I remember one of the articles you linked in the last month or two, talking about the effect on coal prices when people kept digging up coal and making big piles of the stuff, even when the price was too low to support the activity. The neat thing about coal is you CAN make a big pile of it - land is relatively cheap as a storage vehicle.
Oil tankers are NOT relatively cheap storage vehicles
I wonder - does the high utilization of oil tankers drive up the daily rate on the tankers (my first order assumption), or does the inability to sell the stuff on a tanker drive traders into bankruptcy, thereby leading to dramatic reduction in daily rates for the tankers? I think more of the former than the latter, but it also looks like a pretty big counterparty risk is developing for the shipping companies that own tankers (to my barely trained eye).

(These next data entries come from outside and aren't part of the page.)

Lemma substrP Y : sub Y -> exists2 v, up_ok v (size Y) & str v (size Y) = Y.
Proof. by case=> v [k [ok ->]]; exists v; rewrite size_str. Qed.

Lemma sub_suffix g Y : sub (g ++ Y) -> sub Y.
Proof.
case/substrP=> v; rewrite size_cat => ok /(occ_cat ok) [_ _ okY eqY].
by exists (iter (size g) par v), (size Y).
Qed.

Lemma sub_prefix Y a : sub (rcons Y a) -> sub Y.
Proof.
case/substrP=> v; rewrite -cats1 size_cat => ok /(occ_cat ok) [okY eqY _ _].
by exists v, (size Y).
Qed.

Lemma str_child c v k : c != r -> par c = v -> up_ok v k ->
  up_ok c k.+1 /\ str c k.+1 = lab c :: str v k.
Proof.
move=> c_nr par_c ok; split; last by rewrite -add1n str_cat /= par_c.
by case=> [|t] //; rewrite ltnS iterSr par_c; apply: ok.
Qed.

Lemma up_ok_depth v k : is_trie r par lab -> up_ok v k -> k <= #|T|.
Proof.
case=> _ reach _ ok.
have reach_b : exists m, iter m par v == r by have [m ?] := reach v; exists m; apply/eqP.
have [m /eqP root_m min_m] := ex_minnP reach_b.
have le_km : k <= m by rewrite leqNgt; apply/negP => /ok; rewrite root_m eqxx.
have iter_neq i j : i < j -> j < k -> iter i par v != iter j par v.
  move=> lt_ij lt_jk; apply/eqP => eq_ij.
  have le_jm : j <= m by apply: leq_trans (ltnW lt_jk) le_km.
  have : m <= m - j + i by apply: min_m; rewrite iterD eq_ij -iterD subnK ?root_m.
  lia.
have inj : injective (fun i : 'I_k => iter i par v).
  move=> i j /= eq_ij; apply: val_inj; case: (ltngtP i j) => // lt.
  - by move: (iter_neq _ _ lt (ltn_ord j)); rewrite eq_ij eqxx.
  - by move: (iter_neq _ _ lt (ltn_ord i)); rewrite eq_ij eqxx.
by have := leq_card _ inj; rewrite card_ord.
Qed.

Lemma sub_size Y : is_trie r par lab -> sub Y -> size Y <= #|T|.
Proof. by move=> trie /substrP [v ok _]; apply: up_ok_depth ok. Qed.

Lemma substr_code W : is_trie r par lab -> sub W ->
  exists u : T * 'I_#|T|.+1, W = str u.1 u.2.
Proof.
move=> trie /substrP [v ok eqW].
have lt_W : size W < #|T|.+1 by rewrite ltnS (up_ok_depth trie ok).
by exists (v, Ordinal lt_W); rewrite eqW.
Qed.

Lemma not_LM_child Y v : ~ LM Y -> up_ok v (size Y) -> str v (size Y) = Y ->
  exists2 c, c != r & par c = v.
Proof.
move=> notLM ok eqY; apply: NNPP => no_child; apply: notLM; split.
  by exists v, (size Y).
right; exists v, (size Y); split => // c c_nr; apply/eqP => par_c.
by apply: no_child; exists c.
Qed.

Lemma left_ext_unique Y x y : ~ LM Y -> sub (x :: Y) -> sub (y :: Y) -> x = y.
Proof.
move=> notLM subx suby; case: (eqVneq x y) => // neq; case: notLM; split.
  exact: (@sub_suffix [:: x]).
by left; exists x, y.
Qed.

Lemma left_ext_exists Y : sub Y -> ~ LM Y -> exists b, sub (b :: Y).
Proof.
case/substrP=> v ok eqY notLM; have [c c_nr par_c] := not_LM_child notLM ok eqY.
have [okc strc] := str_child c_nr par_c ok.
by exists (lab c), c, (size Y).+1; rewrite strc eqY.
Qed.

Lemma LM_lmx Y Z : LM Y -> lmx Y Z -> Z = Y.
Proof.
move=> LMY [_ [g eqZ] min_Z]; have := min_Z Y LMY (ex_intro _ [::] erefl).
by rewrite eqZ size_cat -[X in _ <= X]add0n leq_add2r leqn0 size_eq0 => /eqP->.
Qed.

Lemma LM_lmx_self Y : LM Y -> lmx Y Y.
Proof.
move=> LMY; split => //; first by exists [::].
by move=> Z _ [g ->]; rewrite size_cat leq_addl.
Qed.

(* If W is not left-maximal and bW occurs, then the left-maximal strings
   ending with W are exactly those ending with bW, so lmx(W) = lmx(bW). *)
Lemma lmx_left_ext W b : ~ LM W -> sub (b :: W) ->
  forall Z, lmx W Z <-> lmx (b :: W) Z.
Proof.
move=> notLM subbW.
have ext Z : LM Z -> (exists g, Z = g ++ W) <-> (exists g, Z = g ++ b :: W).
  move=> LMZ; split; last by case=> g ->; exists (rcons g b); rewrite cat_rcons.
  case=> g; case/lastP: g => [|g x] eqZ; first by case: notLM; rewrite eqZ in LMZ.
  rewrite -cats1 -catA /= in eqZ.
  have subx : sub (x :: W) by apply: (@sub_suffix g); rewrite -eqZ; case: LMZ.
  by exists g; rewrite eqZ (left_ext_unique notLM subx subbW).
move=> Z; split=> [[LMZ /(ext _ LMZ) extZ minZ]|[LMZ /(ext _ LMZ) extZ minZ]].
  by split => // Z' LMZ' /(ext _ LMZ'); apply: minZ.
by split => // Z' LMZ' /(ext _ LMZ'); apply: minZ.
Qed.

Lemma left_ext_rcons Y b a : ~ LM Y -> sub (b :: Y) -> sub (rcons Y a) ->
  sub (b :: rcons Y a) /\ ~ LM (rcons Y a).
Proof.
move=> notLM subbY /substrP [v ok eqYa]; rewrite -cats1 size_cat in ok eqYa.
have [okY eqY _ _] := occ_cat ok eqYa.
have ext_b x : sub (x :: rcons Y a) -> x = b.
  by move=> subx; apply: (left_ext_unique notLM) => //; apply: (@sub_prefix _ a).
split.
  have [c c_nr par_c] := not_LM_child notLM okY eqY.
  have [okc strc] := str_child c_nr par_c ok.
  have subc : sub (lab c :: rcons Y a).
    by exists c, (size Y + 1).+1; split => //; rewrite strc eqYa cats1.
  by rewrite -(ext_b _ subc).
move=> [subYa [[x [y [neq [subx suby]]]] | [l [k [leaf_l [okl eql]]]]]].
  by move: neq; rewrite (ext_b _ subx) (ext_b _ suby) eqxx.
apply: notLM; split; first exact: sub_prefix subYa.
have eq_k : k = size Y + size [:: a] by rewrite -(size_str l k) -eql -cats1 size_cat.
rewrite eq_k -cats1 in okl eql; have [okY' eqY' _ _] := occ_cat okl (esym eql).
by right; exists l, (size Y).
Qed.

Lemma lmx_exists Y : is_trie r par lab -> sub Y -> exists Z, lmx Y Z.
Proof.
move=> trie; have [d] := ubnP (#|T| - size Y); elim: d Y => // d IH Y lt_d subY.
case: (classic (LM Y)) => [LMY|notLM]; first by exists Y; apply: LM_lmx_self.
have [b subbY] := left_ext_exists subY notLM.
have [|Z lmxZ] := IH (b :: Y) _ subbY.
  by move: (sub_size trie subbY) lt_d => /=; set n := #|T|; lia.
by exists Z; apply/(lmx_left_ext notLM subbY).
Qed.

Lemma lmx_rcons Y Z a : lmx Y Z -> sub (rcons Y a) ->
  sub (rcons Z a) /\ (forall Z', lmx (rcons Y a) Z' <-> lmx (rcons Z a) Z').
Proof.
have [d] := ubnP (size Z - size Y); elim: d Y => // d IH Y lt_d lmxZ subYa.
case: (classic (LM Y)) => [LMY|notLM]; first by rewrite (LM_lmx LMY lmxZ).
have [b subbY] := left_ext_exists (sub_prefix subYa) notLM.
have lmxbZ : lmx (b :: Y) Z by apply/(lmx_left_ext notLM subbY).
have [subbYa notLMYa] := left_ext_rcons notLM subbY subYa.
have [|subZa eqZa] := IH (b :: Y) _ lmxbZ subbYa.
  by move: lt_d; case: lmxbZ => _ [g ->] _; rewrite size_cat /=; lia.
split => // Z'; rewrite -eqZa; exact: (lmx_left_ext notLMYa subbYa).
Qed.

Lemma equiv_LM Y Y' : LM Y -> LM Y' -> equiv_b r par lab Y Y' -> Y = Y'.
Proof.
by move=> LMY LMY' [_ [_ [Z [lmxZ lmxZ']]]]; rewrite -(LM_lmx LMY lmxZ) (LM_lmx LMY' lmxZ').
Qed.

Lemma LM_node_list s : uniq s -> (forall Y, Y \in s -> LM Y) -> dawg_node_list r par lab s.
Proof.
move=> s_uniq s_LM; split; first by move=> Y /s_LM [].
by apply: uniq_pw_distinct => // Y Y' /s_LM LMY /s_LM LMY'; apply: equiv_LM.
Qed.

Lemma LM_edge_list s : uniq s -> (forall e, e \in s -> LM e.1 /\ LM (rcons e.1 e.2)) ->
  dawg_edge_list r par lab s.
Proof.
move=> s_uniq s_LM; split; first by move=> e /s_LM [[sub1 _] [sub2 _]].
apply: uniq_pw_distinct => // -[Y a] [Y' a'] /s_LM [LMY _] /s_LM [LMY' _] [eqv [eq_a _]].
by move: (equiv_LM LMY LMY' eqv) eq_a => /= -> ->.
Qed.

End Substrings.

Section UpperBound.
Variables (S T : finType) (r : T) (par : T -> T) (lab : T -> S).
Hypothesis trie : is_trie r par lab.

Local Notation str := (str_b par lab).
Local Notation lmx := (is_lmx r par lab).

Lemma card_codes : #|{: T * 'I_#|T|.+1}| <= 2 * #|T| ^ 2.
Proof. by rewrite card_prod card_ord; set n := #|T|; nia. Qed.
(* Let $I\subset[n]$ and $m=\#I$. Then the map $$\mathbb Z_2^m\backslash\mathrm{SPI}_m\to\mathbb Z_2^n\backslash\Omega^I_n/(\mathbb Z_2^n\rtimes\mathfrak S_n),\qquad \tau\mapsto \mathbb Z_2^n\,h(\sigma_I)\begin{pmatrix}\tau&0\\0&\mathbf 1_{n-m}\\\mathbf 1_m&0\\0&0\end{pmatrix}(\mathbb Z_2^n\rtimes\mathfrak S_n)$$ is a well-defined bijection.
   Context: $\mathrm{SPP}_k$: $k\times k$ integer matrices with entries in $\{-1,0,1\}$ and at most one nonzero entry per row and column. $\mathrm{SPI}_m=\mathrm{SPP}_m\cap\mathrm{Sym}_m(\mathbb Z)$; $\varepsilon=\mathrm{diag}(\varepsilon_1,\dots,\varepsilon_m)\in\mathbb Z_2^m=\{\pm1\}^m$ acts on $\mathrm{SPI}_m$ by $\tau\mapsto\varepsilon\tau\varepsilon$. $\Omega^\circ_n$ is the set of $\begin{pmatrix}\tau_1\\\tau_2\end{pmatrix}\in\mathrm M_{2n,n}(\mathbb Z)$ with $\tau_1,\tau_2\in\mathrm{SPP}_n$, $\tau_1^t\tau_2$ symmetric, of rank $n$. For $D\in\mathrm M_n$, $\mathrm{\acute{e}ch}\,D$ is the set of $i\in[n]$ such that the rows $i,\dots,n$ of $D$ have larger rank than rows $i+1,\dots,n$ (the pivot rows of a column echelon form of $D$). $\Omega^I_n=\{\begin{pmatrix}\tau_1\\\tau_2\end{pmatrix}\in\Omega^\circ_n:\mathrm{\acute{e}ch}\,\tau_2=I\}$. $\mathbb Z_2^n$ acts on the left by $\mathrm{diag}(\varepsilon,\varepsilon)$ and $\mathbb Z_2^n\rtimes\mathfrak S_n$ (signed permutation matrices) by right multiplication; $\Omega^I_n$ is stable. For $I=\{i_1<\dots<i_m\}$, $[n]\setminus I=\{i'_1<\dots<i'_{n-m}\}$, $\sigma_I\in\mathfrak S_n$ sends $k\mapsto i_k$ ($k\le m$), $m+k\mapsto i'_k$, viewed as the permutation matrix with $\sigma e_i=e_{\sigma(i)}$, and $h(\sigma_I)=\mathrm{diag}(\sigma_I,\sigma_I)$. *)

From HB Require Import structures.
From mathcomp Require Import all_boot all_order all_algebra all_fingroup.
Set Implicit Arguments. Unset Strict Implicit. Unset Printing Implicit Defensive.
Import Order.TTheory GRing.Theory Num.Theory.
Local Open Scope ring_scope.

(* Matrices are integer matrices; indices are 0-based: [n] = 'I_n. *)

Definition SPP (p q : nat) (A : 'M[int]_(p, q)) : bool :=
  [forall i, forall j, (A i j == 0) || (A i j == 1) || (A i j == -1)] &&
  [forall i, forall j, forall k, ((A i j != 0) && (A i k != 0)) ==> (j == k)] &&
  [forall j, forall i, forall k, ((A i j != 0) && (A k j != 0)) ==> (i == k)].

Definition SPI (m : nat) (t : 'M[int]_m) : bool := SPP t && (t^T == t).

(* signed permutation matrices = elements of Z_2^n ⋊ S_n:
   SPP matrices with exactly one nonzero entry in every row *)
Definition signed_perm (n : nat) (P : 'M[int]_n) : bool :=
  SPP P && [forall i, exists j, P i j != 0].

Definition sign_vec (n : nat) (e : 'rV[int]_n) : bool :=
  [forall i, (e 0 i == 1) || (e 0 i == -1)].

Definition qrank (p q : nat) (A : 'M[int]_(p, q)) : nat :=
  \rank (map_mx (fun x : int => (x%:~R : rat)) A).

Definition rows_from (p q : nat) (D : 'M[int]_(p, q)) (i : nat) : 'M[int]_(p, q) :=
  \matrix_(j, k) (if (i <= j)%N then D j k else 0).

Definition ech (n : nat) (D : 'M[int]_n) : {set 'I_n} :=
  [set i : 'I_n | (qrank (rows_from D i.+1) < qrank (rows_from D i))%N].

Definition Omega0 (n : nat) (X : 'M[int]_(n + n, n)) : bool :=
  SPP (usubmx X) && SPP (dsubmx X) &&
  (((usubmx X)^T *m dsubmx X)^T == (usubmx X)^T *m dsubmx X) &&
  (qrank X == n).

Definition OmegaI (n : nat) (I : {set 'I_n}) (X : 'M[int]_(n + n, n)) : bool :=
  Omega0 X && (ech (dsubmx X) == I).

(* Z_2^n \ . / (Z_2^n ⋊ S_n) double-coset relation: Y = diag(e,e) X P *)
Definition dcoset_rel (n : nat) (X Y : 'M[int]_(n + n, n)) : Prop :=
  exists (e : 'rV[int]_n) (P : 'M[int]_n),
    [/\ sign_vec e, signed_perm P &
        Y = block_mx (diag_mx e) 0 0 (diag_mx e) *m X *m P].

(* Z_2^m \ SPI_m orbit relation: t' = e t e *)
Definition sign_conj_rel (m : nat) (t t' : 'M[int]_m) : Prop :=
  exists e : 'rV[int]_m, sign_vec e /\ t' = diag_mx e *m t *m diag_mx e.

(* sigma_I : k -> i_k (k < m), m + k -> i'_k, with I = {i_0 < ... < i_{m-1}}
   and [n]\I = {i'_0 < ... }; enum over 'I_n is increasing. *)
Definition sigmaI (n : nat) (I : {set 'I_n}) (k : 'I_n) : 'I_n :=
  if (k < #|I|)%N then nth k (enum I) k else nth k (enum (~: I)) (k - #|I|).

I think I'm more happy than ever that I'm divested from individual companies involved anywhere in the "pipeline" from exploration to delivery of oil.
NG is already used as a transport fuel by buses. Unfortunately, the drivetrains have very low durability; they don't even last as long as the gasoline bus drivetrains or the diesel bus drivetrains. Battery-electric is clearly more economical.
I don't see NG occupying more than a niche in transport. The best hope for the NG market is that it remains popular for heating. This would be worth analyzing. It's surprisingly close to parity with electric heat pump technology, but it's still a bit cheaper in most areas... I haven't worked out the price points and efficiency points which would tilt one way or the other.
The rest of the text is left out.